Excavating the Sky
Before a nine meter long banner at the Venice Architecture Biennale, architects, filmmakers, and activists from Syria and the Arab World gathered within the Arsenale for a series of events focused on Syria and the production of its landscape from before the First World War till today. The main focus was a “displaced pavilion” in Syria, built in lieu of a structure or permanent exhibition at the biennale: a well, recently dug in an undisclosed location in Syria in collaboration with a local resistance movement and currently providing water for a community of 15,000 people.
A well is a political necessity in order for place-ness to be produced in a Syrian landscape ravaged by years of neglect and war. It is not a question of writing a building upon the land, but an attempt to forge a new way of building in accordance with the current context.

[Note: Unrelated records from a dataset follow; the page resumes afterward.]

(* Let $U,V\in\mathbb{R}_{\max}^{m\times n}$, $b,d\in\mathbb{R}_{\max}^m$, $p\in\mathbb{R}_{\max}^n$, $q\in(\mathbb{R}\cup\{+\infty\})^n$, with $A$, $B(\lambda)$, $\Phi$, strategies and the game graph as described in the context. Then $\lambda^*\in\mathbb{R}$ is optimal (i.e. $\Phi(\lambda^* )\ge 0$ and $\Phi(\lambda)<0$ for all $\lambda<\lambda^*$) if and only if $\Phi(\lambda^* )\geq 0$ and there exist a positional strategy $\tau$ of Min and a node $j$ of Min such that, in the game graph defined by $A_\tau$ and $B(\lambda^* )$, every cycle accessible from $j$ has non-positive weight, and every cycle of zero weight accessible from $j$ contains a node of Max that does not belong to the group $[m]$.
   Context: Max-plus notation: $\mathbb{R}_{\max}=\mathbb{R}\cup\{-\infty\}$, $a\oplus b=\max(a,b)$, $a\otimes b=a+b$, extended to matrices as usual ($(A\otimes B)_{ij}=\max_k(a_{ik}+b_{kj})$). $I$ is the max-plus identity (0 on the diagonal, $-\infty$ elsewhere). The conjugate $a^-$ is $-a$ for real $a$, $+\infty$ for $a=-\infty$, $-\infty$ for $a=+\infty$; $q^-=(q_i^-)$ as a row vector. These data define Problem (P): minimize $x^-\otimes p\oplus q^-\otimes x$ over $x\in\mathbb{R}^n$ subject to $U\otimes x\oplus b\le V\otimes x\oplus d$. Set $$A=\begin{pmatrix} U & b\\ -\infty & p\\ q^- & -\infty\end{pmatrix},\qquad B(\lambda)=\begin{pmatrix} V & d\\ \lambda\otimes I & -\infty\\ -\infty & \lambda\end{pmatrix}$$ ($(m+n+1)\times(n+1)$ matrices; the middle block row of $A$ is $(-\infty_{n\times n},\,p)$, its last row is $(q^-,-\infty)$; $\lambda\otimes I$ has $\lambda$ on the diagonal and $-\infty$ elsewhere; the last row of $B(\lambda)$ is $(-\infty,\dots,-\infty,\lambda)$). Game graph defined by matrices $A'$ and $B'$ (both $(m+n+1)\times(n+1)$): nodes of Max are the rows $1,\dots,m+n+1$, and the first $m$ rows form the group $[m]$ (corresponding to the constraint $U\otimes x\oplus b\le V\otimes x\oplus d$); nodes of Min are the columns $1,\dots,n+1$. There is an arc from Max node $i$ to Min node $l$ of weight $b'_{il}$ whenever $b'_{il}\ne-\infty$, and an arc from Min node $j$ to Max node $i$ of weight $-a'_{ij}$ whenever $a'_{ij}\neq-\infty$. The weight of a cycle is the sum of its arc weights. A positional strategy of Min is a map $\tau:\{1,\dots,n+1\}\to\{1,\dots,m+n+1\}$ with $a_{\tau(j)j}\ne-\infty$; $A_\tau$ keeps the entries $a_{\tau(j)j}$ and replaces all other entries by $-\infty$. For $M\times N$ matrices $A',B'$, $A'^\sharp B'$ denotes the map $f_j(x)=\min_{k:a'_{kj}\ne-\infty}(-a'_{kj}+\max_{l:b'_{kl}\ne-\infty}(b'_{kl}+x_l))$ on $\mathbb{R}^N$, with cycle-time vector $\chi(A'^\sharp B')=\lim_k f^k(0)/k$; $\Phi(\lambda)=\min_i\chi_i(A^\sharp B(\lambda))$. (Standing assumption: every column of $A$ and every row of $B(\lambda)$ has a finite entry.) The condition $\Phi(\lambda)\ge0$ expresses that Problem (P) has a feasible $x\in\mathbb{R}^n$ with objective value at most $\lambda$. *)

(* Max-plus scalars are encoded in the
   extended reals \bar R: -oo is the max-plus zero -infinity, +oo is +infinity. *)
From HB Require Import structures.
From mathcomp Require Import all_boot all_order all_algebra.
From mathcomp Require Import all_classical all_reals all_analysis.
Set Implicit Arguments. Unset Strict Implicit. Unset Printing Implicit Defensive.
Import Order.TTheory GRing.Theory Num.Theory numFieldNormedType.Exports.
Local Open Scope ring_scope.
Local Open Scope ereal_scope.

Section MaxPlus.
Variable R : realType.

(* Under the standing
   assumption the inner value is finite, and [fine] returns it as a real. *)
Definition sharp (M N : nat) (A' B' : 'M[\bar R]_(M, N)) (x : 'I_N -> R) :
    'I_N -> R := fun j =>
  fine (\big[Order.min/+oo]_(k | A' k j != -oo)
          (- A' k j + \big[Order.max/-oo]_(l | B' k l != -oo) (B' k l + (x l)%:E))).

Definition chi (M N : nat) (A' B' : 'M[\bar R]_(M, N)) (i : 'I_N) : R :=
  limn (fun k : nat => (iter k (sharp A' B') (fun _ => 0%R) i / k%:R)%R).

Variables (m n : nat) (U V : 'M[\bar R]_(m, n)) (b d : 'cV[\bar R]_m)
  (p : 'cV[\bar R]_n) (q : 'rV[\bar R]_n).

Definition Amat : 'M[\bar R]_(m + n + 1, n + 1) :=
  col_mx (col_mx (row_mx U b) (row_mx (const_mx -oo) p))
         (row_mx (map_mx (fun x => - x) q) (const_mx -oo)).

Definition lamI (lam : R) : 'M[\bar R]_n :=
  \matrix_(i, j) if i == j then lam%:E else -oo.

Definition Bmat (lam : R) : 'M[\bar R]_(m + n + 1, n + 1) :=
  col_mx (col_mx (row_mx V d) (row_mx (lamI lam) (const_mx -oo)))
         (row_mx (const_mx -oo) (const_mx lam%:E)).

(* Phi(lambda) = min_i chi_i(A^# B(lambda))  (an extended real; the index set is
   nonempty so the +oo default is never the value) *)
Definition Phi (lam : R) : \bar R :=
  \big[Order.min/+oo]_(i < n + 1) (chi Amat (Bmat lam) i)%:E.

Definition optimal (lam : R) : Prop :=
  0 <= Phi lam /\ forall l : R, (l < lam)%R -> Phi l < 0.

End MaxPlus.

(* ---- game graph defined by A', B' (M Max nodes = rows, N Min nodes = columns) *)
Section Game.
Variable R : realType.
Variables (M N : nat) (A' B' : 'M[\bar R]_(M, N)).

Definition is_strategy (tau : 'I_N -> 'I_M) : Prop :=
  forall j, A' (tau j) j != -oo.

Definition restr (tau : 'I_N -> 'I_M) : 'M[\bar R]_(M, N) :=
  \matrix_(i, j) if i == tau j then A' i j else -oo.

(* Min node j leads (in two steps, via some Max node i) to Min node l *)
Definition minstep : rel 'I_N :=
  fun j l => [exists i, (A' i j != -oo) && (B' i l != -oo)].

(* a closed walk  cl 0 -> ci 0 -> cl 1 -> ci 1 -> ... -> ci K -> cl 0
   alternating between Min nodes cl k and Max nodes ci k *)
Definition is_cycle (K : nat) (cl : 'I_K.+1 -> 'I_N) (ci : 'I_K.+1 -> 'I_M) : Prop :=
  forall k, A' (ci k) (cl k) != -oo /\ B' (ci k) (cl (ordS k)) != -oo.
Lemma step_exists C B q : <<C ++ B>>%VS != fullv -> exists s', step f (C, B, q) s'.
Proof.
move=> notfull.
have [y _ yCB] : exists2 y, y \in fullv & y \notin <<C ++ B>>%VS.
  by apply/subvPn; apply: contra notfull => full; rewrite eqEsubv subvf.
case: (boolP (y <= markermx f)%MS) => [/yconstantE cy | /negP ncy].
  by exists (rcons C y, B, q.+1); split => //; exists y; split => //; left.
have {}ncy : ~ yconstant f y by move/yconstantE.
have [B0 | Bn] := eqVneq B [::].
  by subst B; exists (C, [:: y], q.+1); split => //; exists y; split => //; right; left.
pose csy (s : bits m) := ((s + y)%R <= markermx f)%MS.
case: (boolP (has csy B)) => [hasB | /hasPn hasNB].
  exists (rcons C (nth 0 B (find csy B) + y), B, (q + 1 + (find csy B).+1)%N).
  split => //; exists y; split => //; right; right; split => //; split => //.
  exists B; split => //; left; exists (find csy B); split; first by rewrite -has_find.
  split; first by move=> i ilt /yconstantE; rewrite -/(csy _) before_find.
  by split => //; apply/yconstantE; apply: (nth_find 0 hasB).
exists (C, B ++ y :: [seq s + y | s <- B], (q + 1 + size B)%N).
split => //; exists y; split => //; right; right; split => //; split => //.
exists B; split => //; right; split => //.
by move=> i iB /yconstantE; apply/negP; apply: hasNB; apply: mem_nth.
Qed.

Lemma seqmx_sub_markermx C :
  {in C, forall c, yconstant f c} -> (seqmx C <= markermx f)%MS.
Proof.
by move=> constC; apply/row_subP => i; rewrite rowK -yconstantE; apply/constC/mem_nth.
Qed.

Lemma capmx_seqmx_markermx B :
  {in B, forall s, ~ yconstant f s} -> {subset <<B>>%VS <= 0 :: B} ->
  (seqmx B :&: markermx f = 0)%MS.
Proof.
move=> nonconstB spanB; apply/eqP/rowV0P => v; rewrite sub_capmx.
case/andP; rewrite -memv_span_submx => /spanB; rewrite inE.
by case/predU1P => [// | /nonconstB vc /yconstantE].
Qed.

Lemma final_dims C B q : alg_inv C B q -> <<C ++ B>>%VS = fullv ->
  size C = (m - dim_img f)%N /\ \dim <<B>> = dim_img f.
Proof.
case=> /eqP dimC /seqmx_sub_markermx CK _ nonconstB spanB _ full.
have leC : (size C <= m - dim_img f)%N.
  by rewrite -dimC dim_span_rank -rank_markermx mxrankS.
have leB : (\dim <<B>> + (m - dim_img f) <= m)%N.
  rewrite dim_span_rank -rank_markermx.
  by rewrite -(mxrank_disjoint_sum (capmx_seqmx_markermx nonconstB spanB)) rank_leq_col.
have geCB : (m <= size C + \dim <<B>>)%N.
  by rewrite -dimC -{1}(dim_bits m) -full span_cat (dimv_add_leqif _ _).1.
have le_img : (dim_img f <= m)%N by rewrite /dim_img dim_span_rank rank_leq_col.
lia.
Qed.

Lemma final_span_constant C B q : alg_inv C B q -> <<C ++ B>>%VS = fullv ->
  forall y, y \in <<C>>%VS <-> yconstant f y.
Proof.
case=> _ /seqmx_sub_markermx CK _ nonconstB spanB _ full y.
rewrite yconstantE; split => [| yK].
  by rewrite memv_span_submx => /submx_trans; apply.
have /memv_addP [c cC [w wB yE]] : y \in (<<C>> + <<B>>)%VS.
  by rewrite -span_cat full memvf.
suff w0 : w = 0 by rewrite yE w0 addr0.
apply/eqP; rewrite -submx0 -(capmx_seqmx_markermx nonconstB spanB) sub_capmx.
rewrite -memv_span_submx wB /=.
have -> : w = y - c by rewrite yE addrC addKr.
rewrite addmx_sub //; change (- (c : 'M_(1, m)) <= markermx f)%MS.
by rewrite eqmx_opp (submx_trans _ CK) // -memv_span_submx.
Qed.

Lemma alg_inv_size_B C B q : alg_inv C B q -> size B = (2 ^ \dim <<B>> - 1)%N.
Proof.
case=> _ _ uniqB _ spanB _.
have : #|<<B>>%VS| = size (0 :: B).
  rewrite -(card_uniqP uniqB); apply: eq_card => u.
  apply/idP/idP => [/spanB // |]; rewrite inE => /predU1P [-> | /memv_span //].
  exact: mem0v.
by rewrite card_vspace card_Fp //= => ->; rewrite subn1.
Qed.

End Procedure.

Theorem mainTheorem10 (n m : nat) (f : 'rV['F_2]_n -> 'rV['F_2]_m) :
  fully_balanced f ->
  Acc (fun s' s => step f s s') (init_state m) /\
  (forall C B q, reachable f (C, B, q) -> ~ (exists s', step f (C, B, q) s') ->
     final (C, B, q) /\
     #|[set y in C]| = (m - dim_img f)%N /\
     free C /\ (forall y, y \in <<C>>%VS <-> yconstant f y) /\
     #|[set y in B]| = (2 ^ dim_img f - 1)%N /\
     (q <= 2 ^ dim_img f * (m - dim_img f + 1) - 1)%N).
Proof.
(* Full balancedness is what makes a query report yconstant; the oracle is
   modelled by yconstant directly. *)
move=> _; split=> [|C B q reach stuck]; first exact: step_Acc.
have inv : alg_inv f C B q := reachable_inv reach.
have [full | /(step_exists _ q)/stuck //] := eqVneq <<C ++ B>>%VS fullv.
have [sizeC dimB] := final_dims inv full.
have spanC := final_span_constant inv full.
have sizeB := alg_inv_size_B inv; rewrite dimB in sizeB.
case: inv => freeC _ /andP [_ uniqB] _ _ queries.
split=> //; split; first by rewrite cardsE (card_uniqP (free_uniq freeC)).
split=> //; split=> //; split; first by rewrite cardsE (card_uniqP uniqB).
move: queries; rewrite sizeC sizeB; have := expn_gt0 2 (dim_img f).
by set t := (2 ^ _)%N; nia.
Qed.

A single drawing of this well was present in Venice, around which film screenings and discussions took place. As well as raising hopes from the ground with the well, “Excavating the Sky” explores four moments focused on flight as its starting point: the first aeroplanes to land in Syria in 1914, the French mandate shelling of Damascus in 1925, the Syrian Cosmonaut Muhammad Faris in 1987, and the story of a barrel bomb dropped from a helicopter into a latrine in 2014
Date of work: 2014.
Location: Syria
Publication: Excavating the Sky, 2014.
Exhibition: Venice Biennale 2014: Fundamentals.